Task item: Among the entries that follow, find every line with the word "scomp" and copy it.

*** Opening Task material ***

(* Let $S$ be a Stone relation algebra and $x,y,z\in S$. Then: 1. $x$ is an ideal if and only if $\top x\top=x$. 2. If $x$ and $z$ are vectors, then $x^{\smile}yz$ is an ideal. 3. The set $\mathrm{I}(S)$ of ideals is closed under $\cdot$, $\sqcup$, $\sqcap$, converse and pseudocomplement. 4. $\bot$ and $\top$ are ideals. 5. If $x$ and $y$ are ideals, then $xy=x\sqcap y$. 6. $\mathrm{I}(S)$, with $\sqcup,\sqcap$, pseudocomplement, converse, $\bot,\top$ restricted from $S$, with $\sqcap$ as composition and $\top$ as identity, is a Stone relation algebra. 7. If $x$ is an ideal, then $x=x^{\smile}$. 8. If $x$ is an ideal, then $yz\sqcap x=(y\sqcap x)(z\sqcap x)$.
   Context: A Stone relation algebra is a structure $(S,\sqcup,\sqcap,\cdot,\overline{\,\cdot\,},{}^{\smile},\bot,\top,1)$ (write $xy$ for $x\cdot y$, $\overline{x}$ for the pseudocomplement, $x^{\smile}$ for the converse) such that: $(S,\sqcup,\sqcap,\bot,\top)$ is a bounded distributive lattice with order $x\sqsubseteq y\iff x\sqcup y=y$; $x\sqcap y=\bot\iff x\sqsubseteq\overline{y}$; $\overline{x}\sqcup\overline{\overline{x}}=\top$; $\cdot$ is associative with two-sided unit $1$, distributes over $\sqcup$ on both sides, and $\bot$ is a zero of $\cdot$; $x^{\smile\smile}=x$, $(xy)^{\smile}=y^{\smile}x^{\smile}$, $(x\sqcup y)^{\smile}=x^{\smile}\sqcup y^{\smile}$; $\overline{\overline{1}}=1$; $\overline{\overline{xy}}=\overline{\overline{x}}\,\overline{\overline{y}}$; $xy\sqcap z\sqsubseteq x(y\sqcap x^{\smile}z)$. $x$ is a vector if $x\top=x$, a covector if $\top x=x$, and an ideal if it is both a vector and a covector. *)

Set Implicit Arguments.

(* With P := fun _ => True this is exactly the definition of a Stone relation
   algebra on T; with general P it says that P, with the restricted
   operations, forms a Stone relation algebra. *)
Definition StoneRA_on (T : Type) (P : T -> Prop)
  (join meet comp : T -> T -> T) (pc conv : T -> T) (bot top one : T) : Prop :=
  let le x y := join x y = y in
  (forall x y, P x -> P y -> P (join x y)) /\
  (forall x y, P x -> P y -> P (meet x y)) /\
  (forall x y, P x -> P y -> P (comp x y)) /\
  (forall x, P x -> P (pc x)) /\
  (forall x, P x -> P (conv x)) /\
  P bot /\ P top /\ P one /\
  (forall x y z, P x -> P y -> P z -> join x (join y z) = join (join x y) z) /\
  (forall x y z, P x -> P y -> P z -> meet x (meet y z) = meet (meet x y) z) /\
  (forall x y, P x -> P y -> join x y = join y x) /\
  (forall x y, P x -> P y -> meet x y = meet y x) /\
  (forall x, P x -> join x x = x) /\
  (forall x, P x -> meet x x = x) /\
  (forall x y, P x -> P y -> join x (meet x y) = x) /\
  (forall x y, P x -> P y -> meet x (join x y) = x) /\
  (forall x y z, P x -> P y -> P z ->
     meet x (join y z) = join (meet x y) (meet x z)) /\
  (forall x, P x -> join bot x = x) /\
  (forall x, P x -> meet top x = x) /\
  (forall x y, P x -> P y -> (meet x y = bot <-> le x (pc y))) /\
  (forall x, P x -> join (pc x) (pc (pc x)) = top) /\
  (forall x y z, P x -> P y -> P z -> comp x (comp y z) = comp (comp x y) z) /\
  (forall x, P x -> comp one x = x) /\
  (forall x, P x -> comp x one = x) /\
  (forall x y z, P x -> P y -> P z -> comp x (join y z) = join (comp x y) (comp x z)) /\
  (forall x y z, P x -> P y -> P z -> comp (join x y) z = join (comp x z) (comp y z)) /\
  (forall x, P x -> comp bot x = bot) /\
  (forall x, P x -> comp x bot = bot) /\
  (forall x, P x -> conv (conv x) = x) /\
  (forall x y, P x -> P y -> conv (comp x y) = comp (conv y) (conv x)) /\
  (forall x y, P x -> P y -> conv (join x y) = join (conv x) (conv y)) /\
  pc (pc one) = one /\
  (forall x y, P x -> P y -> pc (pc (comp x y)) = comp (pc (pc x)) (pc (pc y))) /\
  (forall x y z, P x -> P y -> P z ->
     le (meet (comp x y) z) (comp x (meet y (comp (conv x) z)))).

Record StoneRA := {
  carrier :> Type;
  sjoin : carrier -> carrier -> carrier;
  smeet : carrier -> carrier -> carrier;
  scomp : carrier -> carrier -> carrier;
  spc : carrier -> carrier;
  sconv : carrier -> carrier;
  sbot : carrier;
  stop : carrier;
  sone : carrier;
  stone_axioms : StoneRA_on (fun _ => True) sjoin smeet scomp spc sconv sbot stop sone
}.

Arguments sjoin {s}. Arguments smeet {s}. Arguments scomp {s}.
Arguments spc {s}. Arguments sconv {s}. Arguments sbot {s}.
Arguments stop {s}. Arguments sone {s}.

Definition vector {S : StoneRA} (x : S) : Prop := scomp x stop = x.
Definition covector {S : StoneRA} (x : S) : Prop := scomp stop x = x.
Definition ideal {S : StoneRA} (x : S) : Prop := vector x /\ covector x.

From Stdlib Require Import Setoid.

(* Everything rests on the Dedekind law x·y ⊓ z ⊑ x·(y ⊓ x˘·z).  Taking
   y := 1 and z := x gives x ⊑ x·x˘·x, so an ideal satisfies x ⊑ ⊤·x˘·⊤ = x˘
   and is symmetric.  For a vector x and a covector y,
   x ⊓ y = x ⊓ ⊤·y ⊑ x·y˘·y ⊑ x·y  (as y˘·y ⊑ ⊤·y = y),
   while x·y ⊑ x ⊓ y is immediate; hence on ideals composition is meet, with
   unit ⊤.  Vectors and covectors are closed under the operations of S (for the
   pseudocomplement, by Dedekind again), so the ideals form a subalgebra on
   which every axiom is inherited from S or reduces to a lattice identity. *)

Section StoneRelationAlgebra.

*** Closing Task material ***

Response below:
  scomp : carrier -> carrier -> carrier;
  stone_axioms : StoneRA_on (fun _ => True) sjoin smeet scomp spc sconv sbot stop sone
Arguments sjoin {s}. Arguments smeet {s}. Arguments scomp {s}.
Definition vector {S : StoneRA} (x : S) : Prop := scomp x stop = x.
Definition covector {S : StoneRA} (x : S) : Prop := scomp stop x = x.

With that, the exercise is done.